From the records, pick out and copy each line containing "MixedDifference".

**** Supplied data ****

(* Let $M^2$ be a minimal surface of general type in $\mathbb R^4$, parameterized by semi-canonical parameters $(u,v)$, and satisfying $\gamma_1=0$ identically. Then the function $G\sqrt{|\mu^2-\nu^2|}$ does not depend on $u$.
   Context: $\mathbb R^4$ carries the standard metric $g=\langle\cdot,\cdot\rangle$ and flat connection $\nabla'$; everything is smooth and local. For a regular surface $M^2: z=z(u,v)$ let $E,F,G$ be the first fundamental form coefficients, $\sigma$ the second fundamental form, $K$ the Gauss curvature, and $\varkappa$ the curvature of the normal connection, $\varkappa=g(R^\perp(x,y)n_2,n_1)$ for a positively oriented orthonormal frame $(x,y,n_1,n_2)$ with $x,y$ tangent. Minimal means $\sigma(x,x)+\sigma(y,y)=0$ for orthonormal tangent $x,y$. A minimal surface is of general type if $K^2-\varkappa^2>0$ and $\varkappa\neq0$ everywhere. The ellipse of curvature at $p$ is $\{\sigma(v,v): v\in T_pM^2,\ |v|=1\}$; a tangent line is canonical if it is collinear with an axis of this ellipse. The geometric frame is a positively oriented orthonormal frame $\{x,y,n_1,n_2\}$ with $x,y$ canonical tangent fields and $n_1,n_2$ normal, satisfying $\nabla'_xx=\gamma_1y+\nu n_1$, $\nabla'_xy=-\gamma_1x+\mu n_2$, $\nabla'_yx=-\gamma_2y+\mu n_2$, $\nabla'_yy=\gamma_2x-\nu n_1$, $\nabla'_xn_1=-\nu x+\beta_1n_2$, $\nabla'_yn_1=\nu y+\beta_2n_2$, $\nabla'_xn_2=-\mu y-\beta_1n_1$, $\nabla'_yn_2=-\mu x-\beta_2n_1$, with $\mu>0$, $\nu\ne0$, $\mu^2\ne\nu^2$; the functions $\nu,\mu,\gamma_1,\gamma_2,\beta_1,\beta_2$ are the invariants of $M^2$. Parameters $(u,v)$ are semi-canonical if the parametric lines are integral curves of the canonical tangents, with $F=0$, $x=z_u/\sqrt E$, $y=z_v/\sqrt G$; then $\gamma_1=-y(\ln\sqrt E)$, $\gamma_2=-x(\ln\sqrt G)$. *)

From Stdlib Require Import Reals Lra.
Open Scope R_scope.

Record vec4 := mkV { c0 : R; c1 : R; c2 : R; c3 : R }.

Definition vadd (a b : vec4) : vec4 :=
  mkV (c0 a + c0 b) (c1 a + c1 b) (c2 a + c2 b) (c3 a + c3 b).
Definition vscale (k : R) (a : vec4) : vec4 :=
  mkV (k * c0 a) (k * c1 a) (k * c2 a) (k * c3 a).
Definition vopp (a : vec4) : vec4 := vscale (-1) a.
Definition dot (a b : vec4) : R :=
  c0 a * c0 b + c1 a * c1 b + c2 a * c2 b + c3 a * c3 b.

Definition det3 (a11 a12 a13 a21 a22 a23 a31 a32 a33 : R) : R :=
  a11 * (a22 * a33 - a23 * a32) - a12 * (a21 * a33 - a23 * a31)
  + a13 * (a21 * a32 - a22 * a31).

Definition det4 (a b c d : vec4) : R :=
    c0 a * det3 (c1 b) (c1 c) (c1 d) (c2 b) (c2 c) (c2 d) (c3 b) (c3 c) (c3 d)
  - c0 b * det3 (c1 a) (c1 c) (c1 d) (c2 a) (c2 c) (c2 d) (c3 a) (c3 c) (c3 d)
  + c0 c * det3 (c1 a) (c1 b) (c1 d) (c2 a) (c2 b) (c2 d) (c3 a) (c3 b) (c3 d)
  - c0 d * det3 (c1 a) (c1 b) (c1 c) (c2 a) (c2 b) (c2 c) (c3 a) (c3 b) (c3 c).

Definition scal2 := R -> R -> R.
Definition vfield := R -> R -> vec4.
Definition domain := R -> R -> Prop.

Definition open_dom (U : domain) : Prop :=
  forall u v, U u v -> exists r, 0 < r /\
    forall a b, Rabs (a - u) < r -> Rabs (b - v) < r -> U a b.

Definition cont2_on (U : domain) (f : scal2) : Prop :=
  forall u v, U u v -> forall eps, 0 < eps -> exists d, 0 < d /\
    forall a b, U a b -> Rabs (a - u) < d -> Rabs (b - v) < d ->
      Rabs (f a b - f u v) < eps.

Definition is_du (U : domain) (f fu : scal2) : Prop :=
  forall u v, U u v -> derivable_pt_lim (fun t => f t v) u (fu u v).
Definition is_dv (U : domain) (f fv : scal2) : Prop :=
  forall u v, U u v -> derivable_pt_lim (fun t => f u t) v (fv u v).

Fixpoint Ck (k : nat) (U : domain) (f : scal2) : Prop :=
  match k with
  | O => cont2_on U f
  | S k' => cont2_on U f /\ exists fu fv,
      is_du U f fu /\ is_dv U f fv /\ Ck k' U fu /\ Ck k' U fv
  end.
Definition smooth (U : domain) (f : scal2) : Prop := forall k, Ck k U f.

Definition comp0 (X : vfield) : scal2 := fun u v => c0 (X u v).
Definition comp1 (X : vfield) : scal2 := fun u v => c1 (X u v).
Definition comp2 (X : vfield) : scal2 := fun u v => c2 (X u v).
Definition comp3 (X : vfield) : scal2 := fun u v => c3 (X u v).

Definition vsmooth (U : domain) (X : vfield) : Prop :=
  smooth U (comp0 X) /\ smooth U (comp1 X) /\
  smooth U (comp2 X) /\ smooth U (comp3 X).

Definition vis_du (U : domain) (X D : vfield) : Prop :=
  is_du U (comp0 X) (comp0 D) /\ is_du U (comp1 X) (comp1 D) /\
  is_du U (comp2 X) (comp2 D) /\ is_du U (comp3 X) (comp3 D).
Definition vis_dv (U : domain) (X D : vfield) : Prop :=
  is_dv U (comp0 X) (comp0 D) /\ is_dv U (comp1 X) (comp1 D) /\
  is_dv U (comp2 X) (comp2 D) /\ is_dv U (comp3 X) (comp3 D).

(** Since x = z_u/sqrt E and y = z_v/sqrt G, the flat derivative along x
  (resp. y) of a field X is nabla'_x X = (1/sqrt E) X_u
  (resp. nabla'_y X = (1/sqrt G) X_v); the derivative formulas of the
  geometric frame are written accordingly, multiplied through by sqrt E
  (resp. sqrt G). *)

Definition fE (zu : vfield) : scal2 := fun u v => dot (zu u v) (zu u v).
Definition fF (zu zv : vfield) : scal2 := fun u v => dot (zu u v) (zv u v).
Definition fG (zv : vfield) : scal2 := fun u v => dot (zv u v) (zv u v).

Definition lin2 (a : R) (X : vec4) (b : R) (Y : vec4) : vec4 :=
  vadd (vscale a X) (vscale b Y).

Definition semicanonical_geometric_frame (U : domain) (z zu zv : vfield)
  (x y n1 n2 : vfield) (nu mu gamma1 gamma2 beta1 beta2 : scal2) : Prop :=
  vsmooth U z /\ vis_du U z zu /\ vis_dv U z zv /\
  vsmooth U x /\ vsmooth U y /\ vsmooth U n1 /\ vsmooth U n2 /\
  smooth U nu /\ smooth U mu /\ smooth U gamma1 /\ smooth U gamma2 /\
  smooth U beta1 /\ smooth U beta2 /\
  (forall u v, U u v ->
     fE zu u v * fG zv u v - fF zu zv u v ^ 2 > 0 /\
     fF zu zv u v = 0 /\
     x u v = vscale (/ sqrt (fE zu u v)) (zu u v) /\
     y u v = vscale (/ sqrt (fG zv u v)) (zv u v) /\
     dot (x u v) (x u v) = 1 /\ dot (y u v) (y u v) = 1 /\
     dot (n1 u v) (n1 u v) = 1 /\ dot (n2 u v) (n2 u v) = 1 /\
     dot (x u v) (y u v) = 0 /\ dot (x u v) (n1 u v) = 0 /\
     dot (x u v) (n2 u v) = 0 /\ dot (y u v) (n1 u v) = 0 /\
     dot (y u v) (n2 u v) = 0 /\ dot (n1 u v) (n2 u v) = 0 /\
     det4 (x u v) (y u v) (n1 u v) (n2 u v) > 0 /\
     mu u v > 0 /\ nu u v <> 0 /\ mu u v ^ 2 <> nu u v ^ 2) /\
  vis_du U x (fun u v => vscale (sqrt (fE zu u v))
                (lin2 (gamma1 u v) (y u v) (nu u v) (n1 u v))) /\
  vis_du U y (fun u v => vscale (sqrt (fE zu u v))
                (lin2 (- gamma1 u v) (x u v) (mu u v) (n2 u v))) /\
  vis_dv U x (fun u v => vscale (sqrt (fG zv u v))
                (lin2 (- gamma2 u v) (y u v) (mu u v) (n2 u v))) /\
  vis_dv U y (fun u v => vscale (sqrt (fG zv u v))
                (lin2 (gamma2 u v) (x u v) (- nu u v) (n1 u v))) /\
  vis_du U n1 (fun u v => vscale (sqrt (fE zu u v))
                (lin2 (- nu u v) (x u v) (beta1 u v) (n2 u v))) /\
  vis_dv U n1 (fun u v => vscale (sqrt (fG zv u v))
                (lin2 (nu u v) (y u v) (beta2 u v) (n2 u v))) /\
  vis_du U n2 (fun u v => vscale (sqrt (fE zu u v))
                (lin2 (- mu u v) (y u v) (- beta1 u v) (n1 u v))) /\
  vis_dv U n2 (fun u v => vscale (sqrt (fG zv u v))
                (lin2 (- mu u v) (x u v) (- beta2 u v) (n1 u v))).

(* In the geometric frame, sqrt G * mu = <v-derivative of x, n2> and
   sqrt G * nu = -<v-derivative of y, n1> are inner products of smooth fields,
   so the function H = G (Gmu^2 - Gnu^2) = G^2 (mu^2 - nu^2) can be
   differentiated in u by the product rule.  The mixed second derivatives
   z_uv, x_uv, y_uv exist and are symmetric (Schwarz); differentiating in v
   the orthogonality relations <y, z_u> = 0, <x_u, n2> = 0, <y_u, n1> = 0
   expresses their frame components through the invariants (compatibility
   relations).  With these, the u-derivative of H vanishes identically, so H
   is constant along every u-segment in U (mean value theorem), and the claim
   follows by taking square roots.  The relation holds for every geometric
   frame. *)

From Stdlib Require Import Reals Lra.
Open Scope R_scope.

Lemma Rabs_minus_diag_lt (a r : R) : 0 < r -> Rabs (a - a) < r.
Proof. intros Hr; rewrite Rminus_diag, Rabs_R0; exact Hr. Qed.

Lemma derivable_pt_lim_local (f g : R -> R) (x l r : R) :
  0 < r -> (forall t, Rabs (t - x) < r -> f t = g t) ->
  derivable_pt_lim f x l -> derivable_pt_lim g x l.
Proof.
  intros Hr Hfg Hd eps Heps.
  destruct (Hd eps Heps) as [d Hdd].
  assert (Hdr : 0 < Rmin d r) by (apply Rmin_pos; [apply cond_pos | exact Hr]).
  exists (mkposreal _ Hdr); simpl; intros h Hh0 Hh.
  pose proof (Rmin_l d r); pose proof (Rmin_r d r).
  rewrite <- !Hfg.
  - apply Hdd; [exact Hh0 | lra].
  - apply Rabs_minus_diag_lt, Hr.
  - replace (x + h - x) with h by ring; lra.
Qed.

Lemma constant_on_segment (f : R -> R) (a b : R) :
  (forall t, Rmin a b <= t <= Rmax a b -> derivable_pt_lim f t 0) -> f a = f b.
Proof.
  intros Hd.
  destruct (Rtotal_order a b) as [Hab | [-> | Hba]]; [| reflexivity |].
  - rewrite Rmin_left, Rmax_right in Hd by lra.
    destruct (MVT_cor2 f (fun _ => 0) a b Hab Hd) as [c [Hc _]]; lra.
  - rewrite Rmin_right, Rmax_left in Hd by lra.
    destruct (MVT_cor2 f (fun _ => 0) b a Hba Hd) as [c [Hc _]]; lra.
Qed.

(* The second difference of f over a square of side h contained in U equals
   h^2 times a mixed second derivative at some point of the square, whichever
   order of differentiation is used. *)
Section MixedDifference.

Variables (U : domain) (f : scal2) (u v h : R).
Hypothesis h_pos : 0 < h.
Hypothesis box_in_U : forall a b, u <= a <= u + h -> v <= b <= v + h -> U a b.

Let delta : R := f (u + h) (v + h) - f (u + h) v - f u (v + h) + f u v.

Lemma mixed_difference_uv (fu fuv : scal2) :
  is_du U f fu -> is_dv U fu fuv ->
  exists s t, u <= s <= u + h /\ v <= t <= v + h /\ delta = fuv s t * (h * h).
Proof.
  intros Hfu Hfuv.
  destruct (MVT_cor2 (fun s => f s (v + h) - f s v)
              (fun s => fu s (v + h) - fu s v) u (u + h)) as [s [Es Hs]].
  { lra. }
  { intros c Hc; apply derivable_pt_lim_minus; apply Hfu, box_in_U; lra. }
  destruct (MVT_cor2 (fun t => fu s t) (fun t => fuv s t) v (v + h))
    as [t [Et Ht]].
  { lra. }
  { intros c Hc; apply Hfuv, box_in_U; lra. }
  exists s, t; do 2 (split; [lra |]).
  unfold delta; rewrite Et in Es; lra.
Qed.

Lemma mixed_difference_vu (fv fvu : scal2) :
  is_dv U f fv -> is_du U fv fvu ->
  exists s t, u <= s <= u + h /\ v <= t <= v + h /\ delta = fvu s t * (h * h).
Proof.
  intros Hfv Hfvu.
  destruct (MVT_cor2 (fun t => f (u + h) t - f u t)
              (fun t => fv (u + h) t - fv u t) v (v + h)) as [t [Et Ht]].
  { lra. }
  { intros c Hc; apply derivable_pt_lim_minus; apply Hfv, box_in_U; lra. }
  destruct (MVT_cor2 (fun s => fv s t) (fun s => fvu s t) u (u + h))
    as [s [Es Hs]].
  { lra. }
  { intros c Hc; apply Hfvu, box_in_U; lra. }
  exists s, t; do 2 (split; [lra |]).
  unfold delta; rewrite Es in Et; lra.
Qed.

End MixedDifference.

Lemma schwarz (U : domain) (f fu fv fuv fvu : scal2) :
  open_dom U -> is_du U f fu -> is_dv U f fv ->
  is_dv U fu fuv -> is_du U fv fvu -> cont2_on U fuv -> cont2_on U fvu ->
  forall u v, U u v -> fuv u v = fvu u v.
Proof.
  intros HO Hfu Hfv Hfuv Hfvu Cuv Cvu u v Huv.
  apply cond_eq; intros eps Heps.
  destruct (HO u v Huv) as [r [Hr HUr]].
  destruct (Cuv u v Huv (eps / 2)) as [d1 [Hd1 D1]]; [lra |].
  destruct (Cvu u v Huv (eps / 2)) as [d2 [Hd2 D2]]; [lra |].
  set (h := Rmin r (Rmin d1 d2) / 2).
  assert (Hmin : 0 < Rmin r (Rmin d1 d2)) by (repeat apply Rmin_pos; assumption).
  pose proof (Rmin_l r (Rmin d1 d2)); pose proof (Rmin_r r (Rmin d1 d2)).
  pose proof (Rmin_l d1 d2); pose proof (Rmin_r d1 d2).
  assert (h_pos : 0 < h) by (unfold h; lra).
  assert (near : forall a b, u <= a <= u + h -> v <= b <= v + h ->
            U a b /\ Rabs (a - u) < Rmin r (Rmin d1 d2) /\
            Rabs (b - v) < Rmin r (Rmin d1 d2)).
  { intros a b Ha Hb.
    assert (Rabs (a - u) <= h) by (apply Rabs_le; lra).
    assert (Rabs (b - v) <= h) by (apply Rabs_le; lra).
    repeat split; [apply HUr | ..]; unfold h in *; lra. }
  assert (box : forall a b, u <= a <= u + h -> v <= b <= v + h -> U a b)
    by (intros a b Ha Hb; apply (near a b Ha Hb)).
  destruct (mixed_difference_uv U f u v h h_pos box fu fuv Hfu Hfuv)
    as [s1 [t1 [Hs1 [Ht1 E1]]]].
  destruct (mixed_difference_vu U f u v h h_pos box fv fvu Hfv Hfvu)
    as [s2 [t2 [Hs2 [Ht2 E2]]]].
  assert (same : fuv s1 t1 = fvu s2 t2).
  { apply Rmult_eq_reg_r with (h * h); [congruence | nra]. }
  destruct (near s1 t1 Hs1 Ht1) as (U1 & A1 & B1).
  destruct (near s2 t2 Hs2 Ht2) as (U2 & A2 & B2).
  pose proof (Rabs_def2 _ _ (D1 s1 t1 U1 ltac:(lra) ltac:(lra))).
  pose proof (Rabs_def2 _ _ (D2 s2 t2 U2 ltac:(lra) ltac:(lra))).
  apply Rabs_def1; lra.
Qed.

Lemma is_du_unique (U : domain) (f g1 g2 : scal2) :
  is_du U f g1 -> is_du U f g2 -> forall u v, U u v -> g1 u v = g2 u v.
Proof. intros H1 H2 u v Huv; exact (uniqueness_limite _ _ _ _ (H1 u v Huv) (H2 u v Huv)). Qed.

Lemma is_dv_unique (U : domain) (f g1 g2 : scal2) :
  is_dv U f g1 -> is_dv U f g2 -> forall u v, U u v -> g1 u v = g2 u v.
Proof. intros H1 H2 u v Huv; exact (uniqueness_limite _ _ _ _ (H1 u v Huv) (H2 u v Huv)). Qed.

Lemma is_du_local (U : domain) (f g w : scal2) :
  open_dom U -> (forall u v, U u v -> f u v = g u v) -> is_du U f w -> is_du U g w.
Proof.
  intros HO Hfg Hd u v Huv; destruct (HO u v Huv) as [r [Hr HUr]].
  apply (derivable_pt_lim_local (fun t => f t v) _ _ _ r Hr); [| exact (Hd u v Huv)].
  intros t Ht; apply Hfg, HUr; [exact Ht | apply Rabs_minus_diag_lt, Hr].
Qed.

****

■ **Response**:
Section MixedDifference.
End MixedDifference.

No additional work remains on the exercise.